After extensive read on the Perl docs on re's
(especially in the last 2 days) I have come to the
conclusion that regular expressions have a serious
deficiency. This is serious because the not string
is a fundimental basic logic idea in a search from
a touted master search engine or should be.
To a degree it works with a known subset, but it
won't work to the degree shown below. This is a
serious flaw in regualar expressions!
I hope you masters can prove me wrong! I really do.
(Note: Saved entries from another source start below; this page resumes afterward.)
(* Assume the standing conventions of the context. Let $\Psi'=\binom{c_k}{d_l}$ be a consecutive pair in $Z'_{\mathrm I}$ (so $l\in\{k-1,k\}$), and suppose $\mathcal D_{Z,Z'}\neq\emptyset$. Then $(Z,\Lambda_{\Psi'})\in\mathcal D_{Z,Z'}$ if and only if \[ \begin{cases} a_k>c_k\text{ and }d_k\geq b_k, & \text{if $m'=m$ and $l=k$};\\ c_k\geq a_k\text{ and }b_{k-1}>d_{k-1}, & \text{if $m'=m$ and $l=k-1$};\\ a_k\geq c_k\text{ and }d_k>b_k, & \text{if $m'=m+1$ and $l=k$};\\ c_k>a_k\text{ and }b_{k-1}\geq d_{k-1}, & \text{if $m'=m+1$ and $l=k-1$}. \end{cases} \]
   Context: A symbol is an array $\Lambda=\binom{a'_1,\ldots,a'_{m_1}}{b'_1,\ldots,b'_{m_2}}$ of two strictly decreasing finite sequences of nonnegative integers (top row, bottom row); its defect is $\mathrm{def}(\Lambda)=m_1-m_2$. Standing assumptions: $Z=\binom{a_1,\ldots,a_{m+1}}{b_1,\ldots,b_m}$ is a special symbol of defect $1$, i.e. $a_1\ge b_1\ge a_2\ge b_2\ge\cdots\ge b_m\ge a_{m+1}$; $Z'=\binom{c_1,\ldots,c_{m'}}{d_1,\ldots,d_{m'}}$ is a special symbol of defect $0$, i.e. $c_1\ge d_1\ge c_2\ge d_2\ge\cdots\ge c_{m'}\ge d_{m'}$; and $m'\in\{m,m+1\}$. For a symbol $Y$, $Y_{\mathrm I}$ is the set of entries of $Y$ occurring in exactly one row. For $M\subset Z_{\mathrm I}$, $\Lambda_M$ is the symbol obtained from $Z$ by moving every entry of $M$ to the other row (rows re-sorted decreasingly); for $N\subset Z'_{\mathrm I}$, $\Lambda_N$ is obtained from $Z'$ in the same way. $\overline{\mathcal S}_Z=\{\Lambda_M: M\subset Z_{\mathrm I}\}$, $\overline{\mathcal S}_{Z'}=\{\Lambda_N:N\subset Z'_{\mathrm I}\}$; $\mathcal S_{Z,1}$ (resp. $\mathcal S_{Z',0}$) is the set of elements of $\overline{\mathcal S}_Z$ of defect $1$ (resp. of $\overline{\mathcal S}_{Z'}$ of defect $0$). A consecutive pair in $Z'_{\mathrm I}$ is a two-element subset $\{c_k,d_l\}\subset Z'_{\mathrm I}$, written $\binom{c_k}{d_l}$, with $l\in\{k-1,k\}$; a consecutive pair in $Z_{\mathrm I}$ is $\{a_k,b_l\}\subset Z_{\mathrm I}$, written $\binom{a_k}{b_l}$, with $l\in\{k-1,k\}$. Relation $\overline{\mathcal B}^+_{Z,Z'}\subset\overline{\mathcal S}_Z\times\overline{\mathcal S}_{Z'}$: for $\Lambda=\binom{a'_1,\ldots,a'_{m_1}}{b'_1,\ldots,b'_{m_2}}\in\overline{\mathcal S}_Z$ and $\Lambda'=\binom{c'_1,\ldots,c'_{m'_1}}{d'_1,\ldots,d'_{m'_2}}\in\overline{\mathcal S}_{Z'}$, $(\Lambda,\Lambda')\in\overline{\mathcal B}^+_{Z,Z'}$ iff $\mathrm{def}(\Lambda')=1-\mathrm{def}(\Lambda)$ and: if $m'=m$, $a'_i>d'_i\ge a'_{i+1}$ for $1\le i\le m'_2$ and $b'_{i-1}>c'_i\ge b'_i$ for $1\le i\le m'_1$; if $m'=m+1$, $a'_i\ge d'_i>a'_{i+1}$ for $1\le i\le m'_2$ and $b'_{i-1}\ge c'_i>b'_i$ for $1\le i\le m'_1$; here $b'_0=+\infty$ and nonexistent entries $a'_j,b'_j$ beyond the row lengths are $-\infty$. Then $\mathcal D_{Z,Z'}=\overline{\mathcal B}^+_{Z,Z'}\cap(\mathcal S_{Z,1}\times\mathcal S_{Z',0})$. *)

From mathcomp Require Import all_boot all_order all_algebra.
Set Implicit Arguments. Unset Strict Implicit. Unset Printing Implicit Defensive.
Import GRing.Theory Num.Theory.

(* A symbol: (top row, bottom row), each a strictly decreasing seq of nats. *)
Definition symbol := (seq nat * seq nat)%type.

Definition defect (L : symbol) : int := ((size L.1)%:Z - (size L.2)%:Z)%R.

Definition strdec (s : seq nat) : bool := sorted (fun x y => y < x) s.

(* 1-based entry of a row (natural number, only used for in-range indices) *)
Definition e (s : seq nat) (i : nat) : nat := nth 0 s i.-1.

(* extended entries: nonexistent entries are -oo, b'_0 = +oo *)
Inductive ext := NegInf | Fin of nat | PosInf.

Definition ext_le (x y : ext) : bool :=
  match x, y with
  | NegInf, _ => true
  | _, PosInf => true
  | Fin a, Fin b => a <= b
  | _, _ => false
  end.
Definition ext_lt (x y : ext) : bool := ~~ ext_le y x.

Definition ent (s : seq nat) (i : nat) : ext :=
  if (0 < i) && (i <= size s) then Fin (nth 0 s i.-1) else NegInf.
Definition entb (s : seq nat) (i : nat) : ext :=
  if i == 0 then PosInf else ent s i.

(* Y_I : entries occurring in exactly one row *)
Definition singles (L : symbol) : seq nat :=
  [seq x <- L.1 ++ L.2 | (x \in L.1) != (x \in L.2)].

(* Lambda_M : move every entry of M to the other row, rows re-sorted decreasingly *)
Definition move (L : symbol) (M : seq nat) : symbol :=
  (sort (fun x y => y <= x) ([seq x <- L.1 | x \notin M] ++ [seq x <- L.2 | x \in M]),
   sort (fun x y => y <= x) ([seq x <- L.2 | x \notin M] ++ [seq x <- L.1 | x \in M])).

Definition Sbar (Z L : symbol) : Prop :=
  exists M : seq nat, {subset M <= singles Z} /\ L = move Z M.

Definition special1 (Z : symbol) (m : nat) : Prop :=
  [/\ size Z.1 = m.+1, size Z.2 = m, strdec Z.1, strdec Z.2 &
      (forall i, 1 <= i <= m -> e Z.2 i <= e Z.1 i /\ e Z.1 i.+1 <= e Z.2 i)].

Definition special0 (Z' : symbol) (m' : nat) : Prop :=
  [/\ size Z'.1 = m', size Z'.2 = m', strdec Z'.1,
      strdec Z'.2 &
      (forall i, 1 <= i <= m' -> e Z'.2 i <= e Z'.1 i) /\
      (forall i, 1 <= i < m' -> e Z'.1 i.+1 <= e Z'.2 i)].

(* the relation \bar B^+_{Z,Z'}; m = size Z.2, m' = size Z'.1 *)
Definition Bplus (Z Z' L L' : symbol) : Prop :=
  defect L' = (1 - defect L)%R /\
  if size Z'.1 == size Z.2 then
    (forall i, 1 <= i <= size L'.2 ->
       ext_lt (ent L'.2 i) (ent L.1 i) /\ ext_le (ent L.1 i.+1) (ent L'.2 i)) /\
    (forall i, 1 <= i <= size L'.1 ->
       ext_lt (ent L'.1 i) (entb L.2 i.-1) /\ ext_le (ent L.2 i) (ent L'.1 i))
  else
    (forall i, 1 <= i <= size L'.2 ->
       ext_le (ent L'.2 i) (ent L.1 i) /\ ext_lt (ent L.1 i.+1) (ent L'.2 i)) /\
    (forall i, 1 <= i <= size L'.1 ->
       ext_le (ent L'.1 i) (entb L.2 i.-1) /\ ext_lt (ent L.2 i) (ent L'.1 i)).

(* D_{Z,Z'} = \bar B^+_{Z,Z'} ∩ (S_{Z,1} × S_{Z',0}) *)
Definition Dset (Z Z' L L' : symbol) : Prop :=
  [/\ Bplus Z Z' L L', Sbar Z L /\ defect L = 1%R & Sbar Z' L' /\ defect L' = 0%R].

From mathcomp Require Import all_boot all_order all_algebra zify.
Set Implicit Arguments. Unset Strict Implicit. Unset Printing Implicit Defensive.

(* 1. Counting form.  For a nonincreasing row s let cnt s x = #{y in s | x <= y}.
      Every inequality between entries used in B^+ is equivalent to an inequality
      between counting functions (cmp_cnt, cnt_cmp).  Hence the interlacing
      conditions of B^+ become four pointwise inequalities between the counting
      functions of the four rows (interlace_cnt, cnt_interlace_inv).
   2. Nonemptiness.  Moving entries between rows preserves the sum of the two
      counting functions, and the rows of a special symbol have counting
      functions differing by 0 or 1.  An arithmetic argument then transports the
      counting form of interlacing from any (L, L') in D_{Z,Z'} to (Z, Z'), so
      Z and Z' themselves interlace (Dset_interlace).
   3. Swapping.  Lambda_Psi' is Z' with c_k and d_l exchanged in place
      (move_consecutive_pair).  Interlacing of Z with it differs from that of Z
      with Z' only at the two modified cells (interlace_update); at each cell one
      of the two conditions is automatic from step 2 and the special shape of Z',
      and the remaining two are exactly the stated ones (swap_same_index,
      swap_previous_index). *)

Definition nonincr (s : seq nat) : bool := sorted (fun x y => y <= x) s.

Lemma nonincr_trans : transitive (fun x y : nat => y <= x).
Proof. by move=> x y z /= yx zy; apply: leq_trans zy yx. Qed.

Lemma strdec_nonincr s : strdec s -> nonincr s.
Proof. by apply: sub_sorted => x y /ltnW. Qed.

Definition cmp (strict : bool) (x y : ext) : bool :=
  if strict then ext_lt x y else ext_le x y.

Lemma cmp_le_trans b y x z : cmp b x y -> ext_le y z -> cmp b x z.
Proof. rewrite /cmp /ext_lt; case: b; case: x; case: y; case: z => //= *; lia. Qed.

Lemma le_cmp_trans b y x z : ext_le x y -> cmp b y z -> cmp b x z.
Proof. rewrite /cmp /ext_lt; case: b; case: x; case: y; case: z => //= *; lia. Qed.

(* A comparison is determined by the finite lower bounds of both sides; a strict
   comparison raises every lower bound by one. *)
Lemma cmp_fin_lower (b : bool) x y n : cmp b x y -> ext_le (Fin n) x -> ext_le (Fin (n + b)) y.
Proof. rewrite /cmp /ext_lt; case: b; case: x; case: y => //= *; lia. Qed.

Lemma fin_lower_cmp (b : bool) x y : x <> PosInf -> y <> NegInf ->
  (forall n, ext_le (Fin n) x -> ext_le (Fin (n + b)) y) -> cmp b x y.
Proof.
move=> xP yN; rewrite /cmp /ext_lt.
case: x xP => [|a|] // _; case: y yN => [|c|] // _; try by case: b.
by move/(_ a (leqnn a)) => /=; case: b => /=; lia.
Qed.

Definition cnt (s : seq nat) (x : nat) : nat := count (fun y => x <= y) s.

Lemma nth_cnt s x i : nonincr s -> i < size s -> (x <= nth 0 s i) = (i < cnt s x).
Proof.
elim: s i => [|y t IH] i //= /[dup] Hs; rewrite /nonincr (path_sortedE nonincr_trans).
case/andP=> /allP Ht St; have lt_cnt0 : y < x -> cnt t x = 0.
  move=> yx; apply/eqP; rewrite -leqn0 leqNgt -has_count; apply/hasPn => z zt.
  by rewrite -ltnNge (leq_ltn_trans (Ht z zt) yx).
case: i => [|i] Hi /=; case: (leqP x y) => xy; rewrite ?add1n ?ltnS ?IH //.
all: by rewrite lt_cnt0.
Qed.

Lemma ent_fin s i : 0 < i <= size s -> ent s i = Fin (nth 0 s i.-1).
Proof. by rewrite /ent => ->. Qed.

Lemma ent_entb s i : 0 < i -> entb s i = ent s i.
Proof. by case: i. Qed.

Lemma ent_neq_PosInf s i : ent s i <> PosInf.
Proof. by rewrite /ent; case: ifP. Qed.

Lemma entb_neq_NegInf s j : j <= size s -> entb s j <> NegInf.
Proof. by case: j => // j Hj; rewrite ent_entb // ent_fin. Qed.
(* Decomposition is confluent up to isomorphism: decomposing a task with a
   method gives the same network up to isomorphism however the new tasks are
   named and even if the network and the method are replaced by isomorphic
   copies, and decompositions of two distinct tasks commute.  Hence every
   decomposition into a primitive network can be reordered so that it starts
   with a full level, i.e. with the decomposition of all C_# compound tasks;
   by the definition of C_d, at most C_d levels occur.  Up to isomorphism a
   level offers at most C_c choices for each of the C_# compound tasks and
   leaves at most C_# * C_s compound tasks, so induction on C_d bounds the
   number of non-isomorphic outcomes by C_c ^ (C_# + C_# C_s + ... +
   C_# C_s ^ (C_d - 1)).  A level also replaces C_# tasks by at most C_# C_s
   new ones, and the same induction gives the size bound. *)

From mathcomp Require Import all_boot all_order all_algebra.
From mathcomp Require Import zify.
From Stdlib Require Import ClassicalEpsilon.
Import Order.TTheory GRing.Theory Num.Theory.
Set Implicit Arguments. Unset Strict Implicit. Unset Printing Implicit Defensive.

Lemma uniq_map_inj_in (T1 T2 : eqType) (f : T1 -> T2) (s : seq T1) :
  uniq (map f s) -> {in s &, injective f}.
Proof.
elim: s => [|z s IH] //= /andP[fz_s fs_uniq] x y; rewrite !inE.
case/predU1P=> [->|xs]; case/predU1P=> [->|ys] //.
- by move=> fzy; move: fz_s; rewrite fzy map_f.
- by move=> fxz; move: fz_s; rewrite -fxz map_f.
- exact: IH.
Qed.

Definition inv_in (f : nat -> nat) (s : seq nat) (y : nat) : nat :=
  nth 0 s (index y (map f s)).

Lemma inv_inK f s : {in s &, injective f} -> {in s, cancel f (inv_in f s)}.
Proof. by move=> f_inj x xs; apply: nth_index_map. Qed.

Lemma inv_in_mem f s y : y \in map f s -> inv_in f s y \in s /\ f (inv_in f s y) = y.
Proof.
move=> ys; have ys_lt : index y (map f s) < size s by rewrite -(size_map f) index_mem.
by rewrite /inv_in mem_nth // -(nth_map 0 0) // nth_index.
Qed.

Lemma In_leq_bigmax (T : Type) (F : T -> nat) (s : seq T) x :
  List.In x s -> F x <= \max_(y <- s) F y.
Proof.
elim: s => [//|z s IH] /= [->|xs]; rewrite big_cons; first exact: leq_maxl.
exact: leq_trans (IH xs) (leq_maxr _ _).
Qed.

Section Isomorphism.
Variables A C : eqType.
Implicit Types a b c : TN A C.

Definition isow (f : nat -> nat) a b : Prop :=
  {in tasks a &, injective f} /\ perm_eq (map f (tasks a)) (tasks b) /\
  {in tasks a, forall x, lab b (f x) = lab a x} /\
  {in tasks a &, forall x y, prec b (f x) (f y) = prec a x y}.

Lemma isow_id a : isow id a a.
Proof. by split=> //; rewrite map_id. Qed.

Lemma iso_refl a : iso a a.
Proof. by exists id; apply: isow_id. Qed.

Lemma iso_of_perm f a b : uniq (tasks b) -> perm_eq (map f (tasks a)) (tasks b) ->
  {in tasks a, forall x, lab b (f x) = lab a x} ->
  {in tasks a &, forall x y, prec b (f x) (f y) = prec a x y} -> iso a b.
Proof.
move=> ub fab f_lab f_prec; exists f; split=> //.
by apply: uniq_map_inj_in; rewrite (perm_uniq fab).
Qed.

Lemma isow_mem f a b x : isow f a b -> x \in tasks a -> f x \in tasks b.
Proof. by case=> _ [fab _] xa; rewrite -(perm_mem fab) map_f. Qed.

Lemma iso_sym a b : iso a b -> iso b a.
Proof.
case=> f [f_inj [fab [f_lab f_prec]]].
have inv_mem y : y \in tasks b -> inv_in f (tasks a) y \in tasks a /\
    f (inv_in f (tasks a) y) = y by rewrite -(perm_mem fab); apply: inv_in_mem.
exists (inv_in f (tasks a)); split; [|split; [|split]].
- move=> x y /inv_mem[_ fx] /inv_mem[_ fy] exy.
  by rewrite -fx -fy exy.
- have inv_f_id : map (inv_in f (tasks a) \o f) (tasks a) = tasks a.
    by rewrite -[RHS]map_id; apply/eq_in_map => x xa; rewrite /= inv_inK.
  by rewrite -[X in perm_eq _ X]inv_f_id map_comp perm_map // perm_sym.
- by move=> y /inv_mem[xa fx]; rewrite -f_lab // fx.
- by move=> x y /inv_mem[xa fx] /inv_mem[ya fy]; rewrite -f_prec // fx fy.
Qed.

Lemma iso_trans a b c : iso a b -> iso b c -> iso a c.
Proof.
case=> f fab; case=> g [g_inj [gbc [g_lab g_prec]]].
have f_mem := isow_mem fab; case: fab => f_inj [fab [f_lab f_prec]].
exists (g \o f); split; [|split; [|split]].
- by move=> x y xa ya /g_inj /f_inj; apply; rewrite ?f_mem.
- by rewrite map_comp (perm_trans (perm_map g fab)).
- by move=> x xa /=; rewrite g_lab ?f_lab ?f_mem.
- by move=> x y xa ya /=; rewrite g_prec ?f_prec ?f_mem.
Qed.

Lemma iso_size a b : iso a b -> size (tasks a) = size (tasks b).
Proof. by case=> f [_ [fab _]]; rewrite -(perm_size fab) size_map. Qed.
If not I would hope that the Perl authors can provide
some insight on when this construct can be fixed,
aka implemented.
Beat this code if you can (you can't). Don't look
at the code in this example, look instead at the
output.
Don't comment on any code syntax because thats not
welcome or the point.
Instead, refer you comments to the output ID's.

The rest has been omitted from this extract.